_What is required:_
Report every line of the listing below in which the string "each" occurs.

────────────────

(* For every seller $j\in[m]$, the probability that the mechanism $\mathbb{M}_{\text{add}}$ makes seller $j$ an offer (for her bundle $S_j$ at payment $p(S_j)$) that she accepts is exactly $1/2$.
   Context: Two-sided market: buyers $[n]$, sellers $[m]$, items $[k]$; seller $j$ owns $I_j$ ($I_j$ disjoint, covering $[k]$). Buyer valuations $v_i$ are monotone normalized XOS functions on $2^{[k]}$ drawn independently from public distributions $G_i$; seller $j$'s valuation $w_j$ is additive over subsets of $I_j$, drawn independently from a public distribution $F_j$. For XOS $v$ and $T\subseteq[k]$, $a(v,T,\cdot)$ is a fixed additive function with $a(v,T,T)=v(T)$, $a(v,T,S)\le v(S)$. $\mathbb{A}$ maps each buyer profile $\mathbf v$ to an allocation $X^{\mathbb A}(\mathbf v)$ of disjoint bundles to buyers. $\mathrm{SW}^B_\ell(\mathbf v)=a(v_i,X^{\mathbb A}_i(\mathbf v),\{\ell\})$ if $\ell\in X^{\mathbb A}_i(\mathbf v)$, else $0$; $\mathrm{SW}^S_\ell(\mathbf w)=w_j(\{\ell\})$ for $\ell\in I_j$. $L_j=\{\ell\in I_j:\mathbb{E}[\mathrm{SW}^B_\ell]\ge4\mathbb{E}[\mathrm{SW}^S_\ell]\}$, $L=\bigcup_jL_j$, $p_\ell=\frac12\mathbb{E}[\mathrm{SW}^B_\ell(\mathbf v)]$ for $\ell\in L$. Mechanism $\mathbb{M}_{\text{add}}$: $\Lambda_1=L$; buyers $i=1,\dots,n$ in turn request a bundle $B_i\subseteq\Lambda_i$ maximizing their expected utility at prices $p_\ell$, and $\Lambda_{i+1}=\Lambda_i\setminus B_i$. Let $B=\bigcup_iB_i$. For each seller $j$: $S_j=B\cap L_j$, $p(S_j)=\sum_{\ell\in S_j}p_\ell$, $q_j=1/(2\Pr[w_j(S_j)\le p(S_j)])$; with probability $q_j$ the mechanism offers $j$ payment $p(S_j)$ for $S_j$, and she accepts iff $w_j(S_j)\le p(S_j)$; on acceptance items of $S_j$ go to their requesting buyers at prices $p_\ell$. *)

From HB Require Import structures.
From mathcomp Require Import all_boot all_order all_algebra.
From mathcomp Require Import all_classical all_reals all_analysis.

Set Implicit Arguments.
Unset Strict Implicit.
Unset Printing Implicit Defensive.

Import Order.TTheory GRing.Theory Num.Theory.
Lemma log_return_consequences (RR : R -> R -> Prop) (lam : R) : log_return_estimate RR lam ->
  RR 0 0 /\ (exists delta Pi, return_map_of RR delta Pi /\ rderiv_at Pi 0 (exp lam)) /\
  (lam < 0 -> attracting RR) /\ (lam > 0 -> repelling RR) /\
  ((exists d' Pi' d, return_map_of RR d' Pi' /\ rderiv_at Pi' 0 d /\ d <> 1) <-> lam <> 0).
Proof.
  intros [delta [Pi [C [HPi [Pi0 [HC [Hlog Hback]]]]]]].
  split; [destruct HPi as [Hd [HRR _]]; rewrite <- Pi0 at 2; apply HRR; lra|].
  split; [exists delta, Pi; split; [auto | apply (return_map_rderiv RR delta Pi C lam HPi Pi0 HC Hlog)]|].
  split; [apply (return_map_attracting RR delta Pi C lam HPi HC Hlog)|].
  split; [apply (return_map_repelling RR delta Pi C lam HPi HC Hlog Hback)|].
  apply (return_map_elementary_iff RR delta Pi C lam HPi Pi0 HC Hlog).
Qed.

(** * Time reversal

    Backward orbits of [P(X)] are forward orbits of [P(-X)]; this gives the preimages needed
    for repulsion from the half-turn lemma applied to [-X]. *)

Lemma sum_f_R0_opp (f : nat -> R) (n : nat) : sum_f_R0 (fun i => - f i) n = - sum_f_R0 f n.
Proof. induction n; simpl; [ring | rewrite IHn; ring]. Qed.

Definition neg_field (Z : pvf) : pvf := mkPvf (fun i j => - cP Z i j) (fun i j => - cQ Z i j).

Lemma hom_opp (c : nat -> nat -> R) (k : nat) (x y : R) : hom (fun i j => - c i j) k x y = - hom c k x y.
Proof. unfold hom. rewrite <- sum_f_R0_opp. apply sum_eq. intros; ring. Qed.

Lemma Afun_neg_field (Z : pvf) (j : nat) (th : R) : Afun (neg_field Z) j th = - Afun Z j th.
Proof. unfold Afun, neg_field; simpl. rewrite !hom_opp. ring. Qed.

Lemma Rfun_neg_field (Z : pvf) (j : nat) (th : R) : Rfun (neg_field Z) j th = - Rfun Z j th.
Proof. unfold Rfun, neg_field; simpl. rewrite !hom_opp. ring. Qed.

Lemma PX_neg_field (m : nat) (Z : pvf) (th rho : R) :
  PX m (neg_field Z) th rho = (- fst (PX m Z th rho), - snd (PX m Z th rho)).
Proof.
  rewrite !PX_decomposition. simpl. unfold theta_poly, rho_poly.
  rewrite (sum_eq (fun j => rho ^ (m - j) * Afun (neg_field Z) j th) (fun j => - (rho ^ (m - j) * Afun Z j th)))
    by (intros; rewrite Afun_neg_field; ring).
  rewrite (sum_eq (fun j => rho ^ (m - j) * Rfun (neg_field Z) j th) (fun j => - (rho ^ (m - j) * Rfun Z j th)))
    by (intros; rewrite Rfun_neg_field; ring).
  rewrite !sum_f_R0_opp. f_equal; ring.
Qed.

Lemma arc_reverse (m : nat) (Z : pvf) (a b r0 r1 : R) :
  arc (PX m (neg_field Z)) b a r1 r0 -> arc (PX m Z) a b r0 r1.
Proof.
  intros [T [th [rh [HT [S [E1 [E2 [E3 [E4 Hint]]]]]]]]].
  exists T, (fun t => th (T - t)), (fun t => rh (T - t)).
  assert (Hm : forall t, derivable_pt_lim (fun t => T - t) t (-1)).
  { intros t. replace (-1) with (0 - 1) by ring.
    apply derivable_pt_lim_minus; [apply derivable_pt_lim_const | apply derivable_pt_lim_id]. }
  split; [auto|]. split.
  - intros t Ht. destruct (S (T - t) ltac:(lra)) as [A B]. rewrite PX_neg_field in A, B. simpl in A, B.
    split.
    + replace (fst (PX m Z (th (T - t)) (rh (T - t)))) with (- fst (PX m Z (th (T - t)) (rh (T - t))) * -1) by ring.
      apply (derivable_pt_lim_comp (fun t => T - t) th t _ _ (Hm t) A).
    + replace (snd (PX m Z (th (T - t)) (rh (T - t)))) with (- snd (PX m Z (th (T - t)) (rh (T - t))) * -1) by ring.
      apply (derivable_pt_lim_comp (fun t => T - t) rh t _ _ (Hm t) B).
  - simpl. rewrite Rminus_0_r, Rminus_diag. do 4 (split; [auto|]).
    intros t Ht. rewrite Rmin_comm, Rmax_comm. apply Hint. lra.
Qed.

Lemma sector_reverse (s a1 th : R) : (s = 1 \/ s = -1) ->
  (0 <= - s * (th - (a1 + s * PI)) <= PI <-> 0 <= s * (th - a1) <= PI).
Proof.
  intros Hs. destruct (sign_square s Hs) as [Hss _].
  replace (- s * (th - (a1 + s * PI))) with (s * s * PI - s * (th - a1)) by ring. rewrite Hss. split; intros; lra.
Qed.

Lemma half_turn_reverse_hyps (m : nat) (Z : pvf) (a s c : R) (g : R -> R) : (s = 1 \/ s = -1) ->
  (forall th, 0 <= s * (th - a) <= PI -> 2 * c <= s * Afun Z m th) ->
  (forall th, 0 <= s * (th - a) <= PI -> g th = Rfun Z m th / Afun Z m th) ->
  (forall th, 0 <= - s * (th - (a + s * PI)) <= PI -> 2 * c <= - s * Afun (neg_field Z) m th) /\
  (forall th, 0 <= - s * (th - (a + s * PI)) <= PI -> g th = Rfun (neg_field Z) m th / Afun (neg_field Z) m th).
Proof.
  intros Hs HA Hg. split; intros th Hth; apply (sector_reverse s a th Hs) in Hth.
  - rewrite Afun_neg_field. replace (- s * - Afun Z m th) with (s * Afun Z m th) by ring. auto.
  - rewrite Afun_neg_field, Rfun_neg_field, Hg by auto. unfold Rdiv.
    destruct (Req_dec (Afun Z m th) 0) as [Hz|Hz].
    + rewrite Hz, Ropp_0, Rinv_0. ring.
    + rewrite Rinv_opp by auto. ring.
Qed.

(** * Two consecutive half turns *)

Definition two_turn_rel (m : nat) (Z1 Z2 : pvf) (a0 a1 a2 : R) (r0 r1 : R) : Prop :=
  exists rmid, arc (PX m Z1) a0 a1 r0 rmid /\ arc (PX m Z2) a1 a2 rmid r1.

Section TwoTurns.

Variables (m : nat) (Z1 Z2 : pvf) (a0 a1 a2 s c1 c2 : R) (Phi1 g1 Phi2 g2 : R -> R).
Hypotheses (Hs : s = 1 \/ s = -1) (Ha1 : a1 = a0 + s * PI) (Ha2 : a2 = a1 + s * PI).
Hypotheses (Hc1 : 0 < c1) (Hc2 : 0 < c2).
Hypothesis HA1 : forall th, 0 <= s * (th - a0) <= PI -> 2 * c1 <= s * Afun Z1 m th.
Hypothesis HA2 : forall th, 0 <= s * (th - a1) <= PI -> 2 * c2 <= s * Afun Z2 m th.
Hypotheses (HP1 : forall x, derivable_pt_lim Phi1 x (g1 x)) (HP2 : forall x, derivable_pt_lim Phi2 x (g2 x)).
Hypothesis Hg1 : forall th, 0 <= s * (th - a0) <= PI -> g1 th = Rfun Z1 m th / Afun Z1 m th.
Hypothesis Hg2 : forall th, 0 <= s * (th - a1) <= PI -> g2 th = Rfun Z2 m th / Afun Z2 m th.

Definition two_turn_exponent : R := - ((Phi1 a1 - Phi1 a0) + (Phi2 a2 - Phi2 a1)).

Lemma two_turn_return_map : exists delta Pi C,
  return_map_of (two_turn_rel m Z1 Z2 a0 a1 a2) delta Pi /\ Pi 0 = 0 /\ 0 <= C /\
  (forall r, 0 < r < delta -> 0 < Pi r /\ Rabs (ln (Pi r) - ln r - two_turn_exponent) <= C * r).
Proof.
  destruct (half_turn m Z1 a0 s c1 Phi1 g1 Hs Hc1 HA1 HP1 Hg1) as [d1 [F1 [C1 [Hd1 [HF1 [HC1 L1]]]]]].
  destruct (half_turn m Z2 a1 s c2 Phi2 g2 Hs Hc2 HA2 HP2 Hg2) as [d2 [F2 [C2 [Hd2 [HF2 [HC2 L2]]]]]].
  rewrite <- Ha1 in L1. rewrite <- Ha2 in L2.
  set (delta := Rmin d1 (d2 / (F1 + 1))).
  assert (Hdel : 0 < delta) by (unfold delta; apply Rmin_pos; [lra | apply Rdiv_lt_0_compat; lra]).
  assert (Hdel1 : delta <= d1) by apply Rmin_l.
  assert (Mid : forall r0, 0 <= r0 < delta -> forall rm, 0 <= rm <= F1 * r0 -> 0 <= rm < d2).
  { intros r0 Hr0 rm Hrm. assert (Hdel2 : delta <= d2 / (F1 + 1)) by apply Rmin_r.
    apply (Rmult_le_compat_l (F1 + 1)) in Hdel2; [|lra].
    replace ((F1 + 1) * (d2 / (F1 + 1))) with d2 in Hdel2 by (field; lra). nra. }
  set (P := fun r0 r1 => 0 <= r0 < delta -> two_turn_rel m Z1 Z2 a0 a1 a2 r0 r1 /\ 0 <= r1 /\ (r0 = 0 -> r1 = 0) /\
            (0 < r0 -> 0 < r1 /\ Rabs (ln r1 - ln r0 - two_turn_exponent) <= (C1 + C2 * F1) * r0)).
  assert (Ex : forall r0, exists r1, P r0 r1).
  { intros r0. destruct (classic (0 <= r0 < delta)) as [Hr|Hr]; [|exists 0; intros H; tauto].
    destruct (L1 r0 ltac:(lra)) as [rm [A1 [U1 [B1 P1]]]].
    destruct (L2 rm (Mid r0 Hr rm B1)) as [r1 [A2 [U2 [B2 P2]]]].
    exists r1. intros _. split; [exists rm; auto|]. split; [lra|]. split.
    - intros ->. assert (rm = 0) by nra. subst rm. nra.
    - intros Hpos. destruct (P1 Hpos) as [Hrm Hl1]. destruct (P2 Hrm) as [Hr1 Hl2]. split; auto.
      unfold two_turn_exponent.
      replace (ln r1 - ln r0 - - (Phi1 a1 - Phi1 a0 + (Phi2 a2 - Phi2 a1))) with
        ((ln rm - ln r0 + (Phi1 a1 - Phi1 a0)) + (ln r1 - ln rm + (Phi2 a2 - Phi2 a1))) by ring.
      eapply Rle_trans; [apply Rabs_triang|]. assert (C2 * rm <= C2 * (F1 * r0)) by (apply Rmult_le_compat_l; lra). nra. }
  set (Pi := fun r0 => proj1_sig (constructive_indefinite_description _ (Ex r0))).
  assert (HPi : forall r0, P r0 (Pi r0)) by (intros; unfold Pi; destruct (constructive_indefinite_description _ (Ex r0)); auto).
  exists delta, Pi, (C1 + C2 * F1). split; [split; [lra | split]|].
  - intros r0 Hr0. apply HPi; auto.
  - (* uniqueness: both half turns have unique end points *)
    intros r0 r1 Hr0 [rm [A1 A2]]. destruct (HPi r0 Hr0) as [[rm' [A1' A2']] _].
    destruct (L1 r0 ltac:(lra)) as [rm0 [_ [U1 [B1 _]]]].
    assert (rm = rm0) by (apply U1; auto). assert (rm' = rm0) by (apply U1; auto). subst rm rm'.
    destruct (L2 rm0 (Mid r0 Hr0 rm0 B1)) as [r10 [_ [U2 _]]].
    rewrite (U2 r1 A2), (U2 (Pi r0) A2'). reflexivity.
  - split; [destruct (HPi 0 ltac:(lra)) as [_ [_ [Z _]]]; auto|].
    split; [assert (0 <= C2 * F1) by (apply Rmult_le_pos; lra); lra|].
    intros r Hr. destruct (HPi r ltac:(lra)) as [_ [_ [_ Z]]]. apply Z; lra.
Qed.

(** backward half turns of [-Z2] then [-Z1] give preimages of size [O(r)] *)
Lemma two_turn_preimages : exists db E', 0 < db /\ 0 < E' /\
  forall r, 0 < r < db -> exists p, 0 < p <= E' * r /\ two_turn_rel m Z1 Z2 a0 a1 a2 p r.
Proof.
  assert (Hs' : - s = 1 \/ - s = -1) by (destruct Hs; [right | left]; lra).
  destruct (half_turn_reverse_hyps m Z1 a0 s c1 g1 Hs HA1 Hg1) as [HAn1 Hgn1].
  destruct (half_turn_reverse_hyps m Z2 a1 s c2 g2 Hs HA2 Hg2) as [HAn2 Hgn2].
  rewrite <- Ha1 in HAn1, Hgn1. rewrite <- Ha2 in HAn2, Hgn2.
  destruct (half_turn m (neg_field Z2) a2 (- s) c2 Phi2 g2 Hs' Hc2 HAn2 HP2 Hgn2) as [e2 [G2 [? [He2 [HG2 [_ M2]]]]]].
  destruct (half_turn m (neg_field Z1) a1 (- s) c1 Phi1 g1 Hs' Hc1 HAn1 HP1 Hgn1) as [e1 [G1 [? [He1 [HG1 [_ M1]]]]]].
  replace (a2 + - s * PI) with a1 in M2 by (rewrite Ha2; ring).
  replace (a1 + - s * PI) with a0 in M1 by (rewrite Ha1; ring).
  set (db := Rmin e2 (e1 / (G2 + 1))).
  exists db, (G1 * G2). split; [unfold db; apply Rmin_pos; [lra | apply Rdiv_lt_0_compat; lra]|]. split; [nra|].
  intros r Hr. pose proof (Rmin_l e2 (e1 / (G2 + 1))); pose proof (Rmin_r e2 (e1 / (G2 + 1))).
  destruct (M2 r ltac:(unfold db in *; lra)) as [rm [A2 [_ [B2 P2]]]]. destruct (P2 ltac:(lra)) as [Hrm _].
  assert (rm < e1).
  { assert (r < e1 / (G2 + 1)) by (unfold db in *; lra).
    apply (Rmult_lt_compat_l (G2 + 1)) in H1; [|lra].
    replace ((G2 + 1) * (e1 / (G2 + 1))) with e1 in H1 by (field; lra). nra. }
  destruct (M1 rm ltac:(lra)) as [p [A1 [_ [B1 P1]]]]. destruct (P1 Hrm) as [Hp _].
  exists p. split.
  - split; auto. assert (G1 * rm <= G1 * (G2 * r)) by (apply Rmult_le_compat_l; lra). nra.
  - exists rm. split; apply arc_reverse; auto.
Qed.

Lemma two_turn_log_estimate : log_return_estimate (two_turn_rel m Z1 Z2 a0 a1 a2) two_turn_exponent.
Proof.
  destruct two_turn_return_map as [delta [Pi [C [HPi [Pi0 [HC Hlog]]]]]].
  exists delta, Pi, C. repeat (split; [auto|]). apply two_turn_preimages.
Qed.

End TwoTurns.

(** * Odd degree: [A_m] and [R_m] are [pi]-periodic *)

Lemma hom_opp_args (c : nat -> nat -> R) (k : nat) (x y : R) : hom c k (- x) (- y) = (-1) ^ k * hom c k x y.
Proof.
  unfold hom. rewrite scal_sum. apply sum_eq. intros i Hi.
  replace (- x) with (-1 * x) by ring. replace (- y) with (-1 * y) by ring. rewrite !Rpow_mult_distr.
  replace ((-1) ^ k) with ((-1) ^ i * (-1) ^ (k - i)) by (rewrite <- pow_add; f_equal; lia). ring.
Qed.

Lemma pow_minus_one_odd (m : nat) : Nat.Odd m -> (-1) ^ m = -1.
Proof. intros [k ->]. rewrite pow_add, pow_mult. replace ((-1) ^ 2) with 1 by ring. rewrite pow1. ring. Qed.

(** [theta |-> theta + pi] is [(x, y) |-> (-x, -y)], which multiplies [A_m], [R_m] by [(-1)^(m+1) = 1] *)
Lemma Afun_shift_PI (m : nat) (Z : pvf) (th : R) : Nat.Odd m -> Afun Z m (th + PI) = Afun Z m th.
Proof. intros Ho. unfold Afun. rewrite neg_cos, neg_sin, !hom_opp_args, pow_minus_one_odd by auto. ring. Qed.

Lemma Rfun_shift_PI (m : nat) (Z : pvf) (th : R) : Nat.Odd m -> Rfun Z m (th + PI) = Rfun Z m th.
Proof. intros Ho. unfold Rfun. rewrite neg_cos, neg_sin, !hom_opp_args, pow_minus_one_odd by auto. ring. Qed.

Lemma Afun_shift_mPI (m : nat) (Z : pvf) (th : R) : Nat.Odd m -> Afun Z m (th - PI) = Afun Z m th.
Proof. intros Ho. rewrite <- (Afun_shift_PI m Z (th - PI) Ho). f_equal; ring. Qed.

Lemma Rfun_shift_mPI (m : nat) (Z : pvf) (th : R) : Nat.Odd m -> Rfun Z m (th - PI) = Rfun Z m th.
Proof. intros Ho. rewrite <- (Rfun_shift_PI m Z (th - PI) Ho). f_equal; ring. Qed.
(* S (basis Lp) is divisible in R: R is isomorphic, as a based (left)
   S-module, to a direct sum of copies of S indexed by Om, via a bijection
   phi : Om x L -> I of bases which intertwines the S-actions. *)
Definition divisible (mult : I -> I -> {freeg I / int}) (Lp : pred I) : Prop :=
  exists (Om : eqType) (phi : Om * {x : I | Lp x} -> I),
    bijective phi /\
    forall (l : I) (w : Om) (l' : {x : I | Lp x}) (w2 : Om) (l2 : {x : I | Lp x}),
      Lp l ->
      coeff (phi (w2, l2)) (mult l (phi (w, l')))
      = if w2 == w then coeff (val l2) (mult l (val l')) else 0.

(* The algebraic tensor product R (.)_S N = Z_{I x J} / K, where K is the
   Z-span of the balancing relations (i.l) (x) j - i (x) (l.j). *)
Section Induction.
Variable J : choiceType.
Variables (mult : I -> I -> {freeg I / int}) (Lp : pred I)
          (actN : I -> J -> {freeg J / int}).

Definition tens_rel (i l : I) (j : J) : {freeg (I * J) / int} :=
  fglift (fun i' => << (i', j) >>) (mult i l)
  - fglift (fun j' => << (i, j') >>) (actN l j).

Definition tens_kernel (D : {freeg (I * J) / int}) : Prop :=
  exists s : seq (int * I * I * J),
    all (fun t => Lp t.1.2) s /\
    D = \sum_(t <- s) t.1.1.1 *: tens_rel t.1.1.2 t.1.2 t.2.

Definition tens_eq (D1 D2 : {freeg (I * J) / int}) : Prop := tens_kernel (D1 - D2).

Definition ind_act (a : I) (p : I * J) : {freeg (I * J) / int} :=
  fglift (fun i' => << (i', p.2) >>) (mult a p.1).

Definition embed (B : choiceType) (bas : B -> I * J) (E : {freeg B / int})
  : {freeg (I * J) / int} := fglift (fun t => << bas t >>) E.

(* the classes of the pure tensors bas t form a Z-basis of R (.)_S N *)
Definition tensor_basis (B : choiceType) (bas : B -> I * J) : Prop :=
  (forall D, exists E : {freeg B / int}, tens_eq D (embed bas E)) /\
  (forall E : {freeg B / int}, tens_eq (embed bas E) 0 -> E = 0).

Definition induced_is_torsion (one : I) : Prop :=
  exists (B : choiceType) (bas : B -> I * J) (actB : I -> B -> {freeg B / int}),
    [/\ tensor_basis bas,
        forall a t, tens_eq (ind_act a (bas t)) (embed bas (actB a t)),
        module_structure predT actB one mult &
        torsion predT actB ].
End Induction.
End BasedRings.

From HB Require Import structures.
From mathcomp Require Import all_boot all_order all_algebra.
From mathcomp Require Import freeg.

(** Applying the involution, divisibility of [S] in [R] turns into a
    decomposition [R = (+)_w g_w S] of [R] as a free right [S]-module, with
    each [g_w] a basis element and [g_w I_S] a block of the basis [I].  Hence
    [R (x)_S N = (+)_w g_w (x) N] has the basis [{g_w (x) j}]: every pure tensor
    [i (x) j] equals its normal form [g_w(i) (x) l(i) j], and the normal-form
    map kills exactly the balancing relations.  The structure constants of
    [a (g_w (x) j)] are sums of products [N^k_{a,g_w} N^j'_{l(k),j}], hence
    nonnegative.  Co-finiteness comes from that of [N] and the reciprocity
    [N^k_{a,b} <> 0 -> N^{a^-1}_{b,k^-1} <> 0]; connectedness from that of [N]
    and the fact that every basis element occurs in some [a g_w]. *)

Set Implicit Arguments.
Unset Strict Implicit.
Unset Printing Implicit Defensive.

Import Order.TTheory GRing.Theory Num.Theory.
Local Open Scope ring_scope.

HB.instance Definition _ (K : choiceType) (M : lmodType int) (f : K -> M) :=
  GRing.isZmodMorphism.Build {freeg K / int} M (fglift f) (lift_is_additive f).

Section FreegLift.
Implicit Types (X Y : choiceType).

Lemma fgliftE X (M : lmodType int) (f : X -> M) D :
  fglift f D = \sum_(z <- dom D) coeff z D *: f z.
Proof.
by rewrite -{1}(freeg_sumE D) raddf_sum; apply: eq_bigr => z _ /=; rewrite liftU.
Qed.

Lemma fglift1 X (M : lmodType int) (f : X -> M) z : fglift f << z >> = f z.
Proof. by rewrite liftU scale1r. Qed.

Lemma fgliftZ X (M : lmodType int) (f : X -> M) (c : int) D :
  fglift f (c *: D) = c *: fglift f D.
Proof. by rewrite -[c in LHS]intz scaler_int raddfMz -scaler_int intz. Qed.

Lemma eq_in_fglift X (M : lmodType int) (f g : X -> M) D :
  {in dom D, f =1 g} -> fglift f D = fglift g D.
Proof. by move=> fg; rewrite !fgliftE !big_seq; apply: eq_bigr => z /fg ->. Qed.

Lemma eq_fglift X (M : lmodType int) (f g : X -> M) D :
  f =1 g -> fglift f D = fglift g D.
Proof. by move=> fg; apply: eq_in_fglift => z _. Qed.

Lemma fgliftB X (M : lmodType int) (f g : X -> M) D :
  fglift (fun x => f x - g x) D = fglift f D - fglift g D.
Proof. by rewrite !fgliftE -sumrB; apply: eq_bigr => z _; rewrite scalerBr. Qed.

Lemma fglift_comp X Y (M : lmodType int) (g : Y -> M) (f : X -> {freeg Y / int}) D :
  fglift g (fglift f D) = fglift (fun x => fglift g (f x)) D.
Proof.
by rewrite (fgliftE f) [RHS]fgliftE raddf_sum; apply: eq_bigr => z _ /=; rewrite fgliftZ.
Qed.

────────────────

_Response area:_
   Context: Two-sided market: buyers $[n]$, sellers $[m]$, items $[k]$; seller $j$ owns $I_j$ ($I_j$ disjoint, covering $[k]$). Buyer valuations $v_i$ are monotone normalized XOS functions on $2^{[k]}$ drawn independently from public distributions $G_i$; seller $j$'s valuation $w_j$ is additive over subsets of $I_j$, drawn independently from a public distribution $F_j$. For XOS $v$ and $T\subseteq[k]$, $a(v,T,\cdot)$ is a fixed additive function with $a(v,T,T)=v(T)$, $a(v,T,S)\le v(S)$. $\mathbb{A}$ maps each buyer profile $\mathbf v$ to an allocation $X^{\mathbb A}(\mathbf v)$ of disjoint bundles to buyers. $\mathrm{SW}^B_\ell(\mathbf v)=a(v_i,X^{\mathbb A}_i(\mathbf v),\{\ell\})$ if $\ell\in X^{\mathbb A}_i(\mathbf v)$, else $0$; $\mathrm{SW}^S_\ell(\mathbf w)=w_j(\{\ell\})$ for $\ell\in I_j$. $L_j=\{\ell\in I_j:\mathbb{E}[\mathrm{SW}^B_\ell]\ge4\mathbb{E}[\mathrm{SW}^S_\ell]\}$, $L=\bigcup_jL_j$, $p_\ell=\frac12\mathbb{E}[\mathrm{SW}^B_\ell(\mathbf v)]$ for $\ell\in L$. Mechanism $\mathbb{M}_{\text{add}}$: $\Lambda_1=L$; buyers $i=1,\dots,n$ in turn request a bundle $B_i\subseteq\Lambda_i$ maximizing their expected utility at prices $p_\ell$, and $\Lambda_{i+1}=\Lambda_i\setminus B_i$. Let $B=\bigcup_iB_i$. For each seller $j$: $S_j=B\cap L_j$, $p(S_j)=\sum_{\ell\in S_j}p_\ell$, $q_j=1/(2\Pr[w_j(S_j)\le p(S_j)])$; with probability $q_j$ the mechanism offers $j$ payment $p(S_j)$ for $S_j$, and she accepts iff $w_j(S_j)\le p(S_j)$; on acceptance items of $S_j$ go to their requesting buyers at prices $p_\ell$. *)
    each [g_w] a basis element and [g_w I_S] a block of the basis [I].  Hence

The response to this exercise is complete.